Index construction for search engines

Full contents and a list of my articles on search engine will be updated here.

In previous articles I talked about the work of the search engine here and came to a difficult technical point. Let me remind you that there are 2 types of indexes – direct and reverse. Direct – mapping document a list of words it encountered. Opposite – word is mapped to a list of documents in which it is. Logically, for a quick search of best suited opposite the index. Interesting question and in what order in the list of documents to be stored.

In the previous step from the DataFlow module, the indexer, we got a little piece of data in the form of direct index, the reference information and information about the pages. Usually I have it around 200-300mb and contains about 100 thousand pages. Eventually, I abandoned the strategy of storage of whole direct index, and store all of these pieces + full reverse index in several versions so you can revert back.

The device index to look at, simple – stored file, it is at the beginning of the address table start of the data for each word, then the actual data. I exaggerated. So it turns out the best for optimizing the speed of the format — no need to jump through the pages — wrote Brin and page — the 1 seek, 1 read. At each iteration of the rebuild, I use 20-50 pieces of information described above, it is clear to upload all the old ones in memory, I can not, especially since there is useful to store a bunch more overhead on the index.

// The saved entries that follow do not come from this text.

Lemma linearizable_intro (P Q X1 Y1 : series) :
  has_linear_part X1 C1 C0 -> has_linear_part Y1 C0 C1 ->
  convergent X1 -> convergent Y1 ->
  lie P Q X1 = sopp Y1 -> lie P Q Y1 = X1 -> linearizable P Q.
Proof.
  intros (? & ? & ?) (? & ? & ?) HX HY HXY HYX; exists X1, Y1; repeat split; auto.
  - intros i j; exact (f_equal (fun F => F i j) HXY).
  - intros i j; exact (f_equal (fun F => F i j) HYX).
Qed.

Lemma has_linear_part_smul (N G : series) (a b : CC) :
  has_linear_part N a b -> G 0%nat 0%nat = C1 -> has_linear_part (smul N G) a b.
Proof.
  intros (N00 & N10 & N01) G00; unfold has_linear_part.
  rewrite smul_00, smul_10, smul_01, N00, N10, N01, G00; repeat split; ring.
Qed.

Lemma spow_00 (G : series) (k : nat) : G 0%nat 0%nat = C1 -> spow G k 0%nat 0%nat = C1.
Proof.
  intro G00; induction k as [|k IH]; [reflexivity|].
  cbn [spow]; rewrite smul_00, G00, IH; ring.
Qed.

Lemma convergent_spow (G : series) (k : nat) : convergent G -> convergent (spow G k).
Proof.
  intro HG; induction k as [|k IH]; cbn [spow]; [apply convergent_mono | now apply convergent_mul].
Qed.

Ltac convergent_tac :=
  unfold ssub, slin;
  repeat match goal with
  | |- convergent (sadd _ _) => apply convergent_add
  | |- convergent (smul _ _) => apply convergent_mul
  | |- convergent (sopp _) => apply convergent_opp
  | |- convergent (mono _ _ _) => apply convergent_mono
  | |- convergent (sconst _) => apply convergent_mono
  | |- convergent sX => apply convergent_mono
  | |- convergent sY => apply convergent_mono
  | |- convergent sone => apply convergent_mono
  end.

(* Rational coordinates [x1 = Nx / D^k], [y1 = Ny / D^k] with [D = 1 + p]:
   by the quotient rule the linearization equations reduce to polynomial identities. *)
Lemma linearizable_of_rational (P Q Nx Ny : series) (l : list (CC * nat * nat)) (k : nat) :
  no_const_term l -> convergent Nx -> convergent Ny ->
  has_linear_part Nx C1 C0 -> has_linear_part Ny C0 C1 ->
  smul (lie P Q Nx) (sadd sone (spoly l)) =
    sadd (smul (sopp Ny) (sadd sone (spoly l)))
         (smul (sconst (natC k)) (smul Nx (lie P Q (sadd sone (spoly l))))) ->
  smul (lie P Q Ny) (sadd sone (spoly l)) =
    sadd (smul Nx (sadd sone (spoly l)))
         (smul (sconst (natC k)) (smul Ny (lie P Q (sadd sone (spoly l))))) ->
  linearizable P Q.
Proof.
  intros Hl CNx CNy LNx LNy EX EY.
  pose proof (sinv1_spec (spoly l) (spoly_00 l Hl)) as DI.
  assert (I00 : spow (sinv1 (spoly l)) k 0%nat 0%nat = C1) by (apply spow_00, sinv1_00).
  assert (CI : convergent (spow (sinv1 (spoly l)) k))
    by (apply convergent_spow, convergent_sinv1_spoly, Hl).
  apply (linearizable_intro P Q (smul Nx (spow (sinv1 (spoly l)) k))
                                (smul Ny (spow (sinv1 (spoly l)) k)));
    try (apply has_linear_part_smul; assumption);
    try (apply convergent_mul; assumption).
  - replace (sopp (smul Ny (spow (sinv1 (spoly l)) k)))
      with (smul (sopp Ny) (spow (sinv1 (spoly l)) k)) by ring.
    now apply lie_div_pow with (D := sadd sone (spoly l)).
  - now apply lie_div_pow with (D := sadd sone (spoly l)).
Qed.

(* Complex coordinates: if [lie Z = j Z] and [lie W = - j W] then
   [x1 = (Z + W)/2], [y1 = j (W - Z)/2] linearize. *)
Lemma linearizable_of_eigenfunctions (P Q Z W : series) (j : CC) :
  Cmul j j = Copp C1 -> has_linear_part Z C1 j -> has_linear_part W C1 (Copp j) ->
  convergent Z -> convergent W ->
  lie P Q Z = smul (sconst j) Z -> lie P Q W = sopp (smul (sconst j) W) ->
  linearizable P Q.
Proof.
  intros Hj (Z00 & Z10 & Z01) (W00 & W10 & W01) CZ CW LZ LW.
  set (half := mkC (/ 2) 0).
  pose proof (sconst_sqrt_m1 j Hj) as Hj'.
  apply (linearizable_intro P Q (smul (sconst half) (sadd Z W))
                                (smul (sconst half) (smul (sconst j) (ssub W Z)))).
  - unfold has_linear_part; rewrite !smul_sconst; unfold sadd.
    rewrite Z00, Z10, Z01, W00, W10, W01; unfold half; repeat split; Cexpand; field.
  - unfold has_linear_part, ssub; rewrite !smul_sconst; unfold sadd, sopp.
    rewrite Z00, Z10, Z01, W00, W10, W01; repeat split; [ring | ring|].
    transitivity (Cmul (Copp (Cmul half (Cadd C1 C1))) (Cmul j j)); [ring|].
    rewrite Hj; unfold half; Cexpand; field.
  - convergent_tac; assumption.
  - unfold ssub; convergent_tac; assumption.
  - rewrite lie_mul, lie_sconst, lie_add, LZ, LW; ring.
  - unfold ssub; rewrite !lie_mul, !lie_sconst, lie_add, lie_opp, LZ, LW; ring [Hj'].
Qed.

To solve this, and many other problems associated with the limitations of FS, disk, parallel access to multiple lists of pages, I broke the index into 256 parts. In part I get a list of pages for words WORD_ID%256=I
Thus divide the index into approximately equal parts. In addition, all processing for the next iteration of the rebuild of the index is linked only within one part. I.e. from 20-50 pieces database 200-300 Mb should load only the data that is associated with words that fall into the processed part.

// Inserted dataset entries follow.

(* Let $\mathcal G$ be a core network with input nodes $\iota_1,\dots,\iota_n$ and output node $o$, and let $\rho_k>\rho_{k+1}$ be two adjacent absolutely super-simple nodes. Then: (a) $\rho_k$ and $\rho_{k+1}$ are adjacent $\iota_m$-super-simple nodes, for every $m=1,\dots,n$; (b) for every $m=1,\dots,n$, every $\iota_m$-simple node in $\mathcal L_m(\rho_k,\rho_{k+1})$ is an absolutely simple node; (c) $\mathcal L_m(\rho_k,\rho_{k+1})=\mathcal L(\rho_k,\rho_{k+1})$ for every $m=1,\dots,n$.
   Context: Node $b$ is downstream from $a$ if there is a directed path from $a$ to $b$. A core network: every node is upstream from $o$ and downstream from at least one input node. A simple path visits each node at most once; an $\iota_mo$-simple path is a simple path from $\iota_m$ to $o$. A node is $\iota_m$-simple if it lies on an $\iota_mo$-simple path; absolutely simple if $\iota_m$-simple for every $m$. An $\iota_m$-super-simple node is an $\iota_m$-simple node lying on every $\iota_mo$-simple path; the $\iota_m$-super-simple nodes appear in the same order on every $\iota_mo$-simple path, and two of them are adjacent $\iota_m$-super-simple nodes if they are consecutive in this order. A node is absolutely super-simple if it lies on every $\iota_mo$-simple path for every $m$; these are totally ordered $\rho_1>\cdots>\rho_p>o$, where $a>b$ means $b$ comes after $a$ on every $\iota_mo$-simple path for every $m$, and $\rho_k,\rho_{k+1}$ are adjacent if consecutive in this order. For adjacent $\iota_m$-super-simple nodes $\rho_k>\rho_{k+1}$, an $\iota_m$-simple node $\rho$ is between them if some $\iota_mo$-simple path visits $\rho_k,\rho,\rho_{k+1}$ in that order; $\mathcal L_m(\rho_k,\rho_{k+1})$ is the subnetwork of $\iota_m$-simple nodes between $\rho_k$ and $\rho_{k+1}$, with the arrows of $\mathcal G_m$ (the subnetwork of nodes downstream from $\iota_m$ and upstream from $o$) connecting them. For adjacent absolutely super-simple nodes, an absolutely simple node $\rho$ is between them if for some $m$ some $\iota_mo$-simple path visits $\rho_k,\rho,\rho_{k+1}$ in that order; $\mathcal L(\rho_k,\rho_{k+1})$ is the subnetwork of absolutely simple nodes between them, with arrows of $\mathcal G$ connecting them. *)

From mathcomp Require Import all_boot.
Set Implicit Arguments. Unset Strict Implicit. Unset Printing Implicit Defensive.

Section Network.
Variables (T : finType) (e : rel T) (n : nat) (iota : 'I_n -> T) (o : T).

(* x is upstream from y / y downstream from x: directed path x -> y *)
Definition downstream (x y : T) : bool := connect e x y.

Definition core_network : Prop :=
  forall x, downstream x o /\ exists m, downstream (iota m) x.

(* A simple path from a to b, with vertex list a :: s. *)
Definition simple_path (a b : T) (s : seq T) : bool :=
  [&& path e a s, last a s == b & uniq (a :: s)].

Definition io_path (m : 'I_n) (s : seq T) : bool := simple_path (iota m) o s.

Definition m_simple (m : 'I_n) (x : T) : Prop :=
  exists s, io_path m s /\ x \in iota m :: s.

Definition abs_simple (x : T) : Prop := forall m, m_simple m x.

Definition m_super_simple (m : 'I_n) (x : T) : Prop :=
  m_simple m x /\ forall s, io_path m s -> x \in iota m :: s.

Definition abs_super_simple (x : T) : Prop :=
  forall m s, io_path m s -> x \in iota m :: s.

Definition m_before (m : 'I_n) (a b : T) : Prop :=
  forall s, io_path m s ->
    [/\ a \in iota m :: s, b \in iota m :: s &
        index a (iota m :: s) < index b (iota m :: s)].

(* a > b : b comes after a on every iota_m o-simple path, for every m *)
Definition abs_before (a b : T) : Prop := forall m, m_before m a b.

Definition m_adjacent (m : 'I_n) (a b : T) : Prop :=
  [/\ m_super_simple m a, m_super_simple m b, m_before m a b &
      ~ exists c, [/\ m_super_simple m c, m_before m a c & m_before m c b]].

Definition abs_adjacent (a b : T) : Prop :=
  [/\ abs_super_simple a, abs_super_simple b, abs_before a b &
      ~ exists c, [/\ abs_super_simple c, abs_before a c & abs_before c b]].

Definition visits_between (m : 'I_n) (a x b : T) : Prop :=
  exists s, [/\ io_path m s, a \in iota m :: s, x \in iota m :: s,
    b \in iota m :: s &
    index a (iota m :: s) <= index x (iota m :: s) <= index b (iota m :: s)].

Definition m_between (m : 'I_n) (a b x : T) : Prop :=
  m_simple m x /\ visits_between m a x b.

Definition abs_between (a b x : T) : Prop :=
  abs_simple x /\ exists m, visits_between m a x b.

Definition Gm_node (m : 'I_n) (x : T) : bool :=
  downstream (iota m) x && downstream x o.

Definition Lm_node (m : 'I_n) (a b x : T) : Prop := m_between m a b x.
Definition Lm_arrow (m : 'I_n) (a b x y : T) : Prop :=
  [/\ m_between m a b x, m_between m a b y, Gm_node m x, Gm_node m y & e x y].

Definition L_node (a b x : T) : Prop := abs_between a b x.
Definition L_arrow (a b x y : T) : Prop :=
  [/\ abs_between a b x, abs_between a b y & e x y].

End Network.

(* If c lies on every iota_i o-simple path, it lies on every walk from iota_i
   to o, since a walk shortens to a simple path.  Given simple paths P (from
   iota_i) and Q (from iota_j), both visiting a before b, replace the stretch
   of P between a and b by that of Q.  The result is again simple: a node of
   Q's stretch lying on P before a (resp. after b) would give a walk from
   iota_i to o avoiding a (resp. b).  So a node between a and b for one input
   is between them for every input, which gives (b) and (c).  For (a), an
   iota_m-super-simple node c strictly between a and b lies on the a-b stretch
   of every simple path P, for otherwise the iota_m-path with its stretch
   replaced by P's would be a walk avoiding c; so c would be absolutely
   super-simple, contradicting adjacency. *)

From mathcomp Require Import all_boot.
Set Implicit Arguments. Unset Strict Implicit. Unset Printing Implicit Defensive.

Section Segments.
Variable T : eqType.
Implicit Types (p s : seq T) (x y u v : T).

(* The stretch of p from u to v without its first vertex u. *)
Definition seg p u v := take (index v p - index u p) (drop (index u p).+1 p).

Lemma eqn_index p u y : u \in p -> (index y p == index u p) = (y == u).
Proof.
move=> up; have [yp | yNp] := boolP (y \in p).
  by apply/eqP/eqP => [/index_inj -> // | ->].
rewrite (memNindex yNp); apply/eqP/eqP => [eq_idx | yu]; last by rewrite yu up in yNp.
by rewrite -index_mem -eq_idx ltnn in up.
Qed.

Lemma index_leq_mem p x y : y \in p -> index x p <= index y p -> x \in p.
Proof. by rewrite -!index_mem => ys /leq_ltn_trans; apply. Qed.

Lemma index_ltn p x y : y \in p -> x != y -> index x p <= index y p -> index x p < index y p.
Proof. by move=> yp xy; rewrite ltn_neqAle eqn_index // xy. Qed.

Lemma take_seg p u v : index u p <= index v p ->
  take (index v p).+1 p = take (index u p).+1 p ++ seg p u v.
Proof. by move=> uv; rewrite /seg -takeD addSn subnKC. Qed.

Lemma last_take_index x s u : u \in x :: s -> last x (take (index u (x :: s)) s) = u.
Proof.
move=> us; rewrite -[last x _]/(last x (take (index u (x :: s)).+1 (x :: s))).
by rewrite (take_nth x) ?index_mem // last_rcons nth_index.
Qed.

Total: do 256 repetitions of the same procedure:

    the
  1. read the desired data from the input pieces of the database, after downloading all the information about the words, pages and pages Url. In-memory sort, we lists the correct structure. Pack the old page and add her ID, HASH, and other data.
  2. the
  3. open the barrel (I called them so the pieces of index) return index "extreme version" to read. Open an empty barrel "new version" of the index for the entry.
  4. the
  5. To each word in order to merge 2 lists – one sorted built in memory, and the other to read and are already sorted in the file.
  6. the
  7. Closes appends all that is necessary, rejoice.


In practice of course it turned out that the list that is already stored in the "previous version" of the index is sorted when a new iteration only when no external information about the pages has not changed, and it's obviously not.

For while we have amassed the info for the index, could update the data on PR, metrics, pages, nature sites, and so on. And as a result will change the odds for sorting. Question do I need to sort the list by such parameters, is still open. It is rumored that Google sorts the pages in the list by PR, but obviously then you should be able to quickly discard the husk when searching – which is specially pumped up PR, but tematicheskie enough.

I use the combined ratio, constructed from General information about the word on the page (number of meetings; place of meetings – title, meta, links, text selection, format), metrics tematicheskie (yet they are developed I have very little), of PR, word-for-word from the PR (PR for each word I also have) and some others.

Moreover, it is clear that for high frequency queries, we really need to give God the first 1000-2000 results in a list, to be sure, we assume 262 thousand. Because all popular answers obviously hits them, and then they can start a ranking function which should sort it.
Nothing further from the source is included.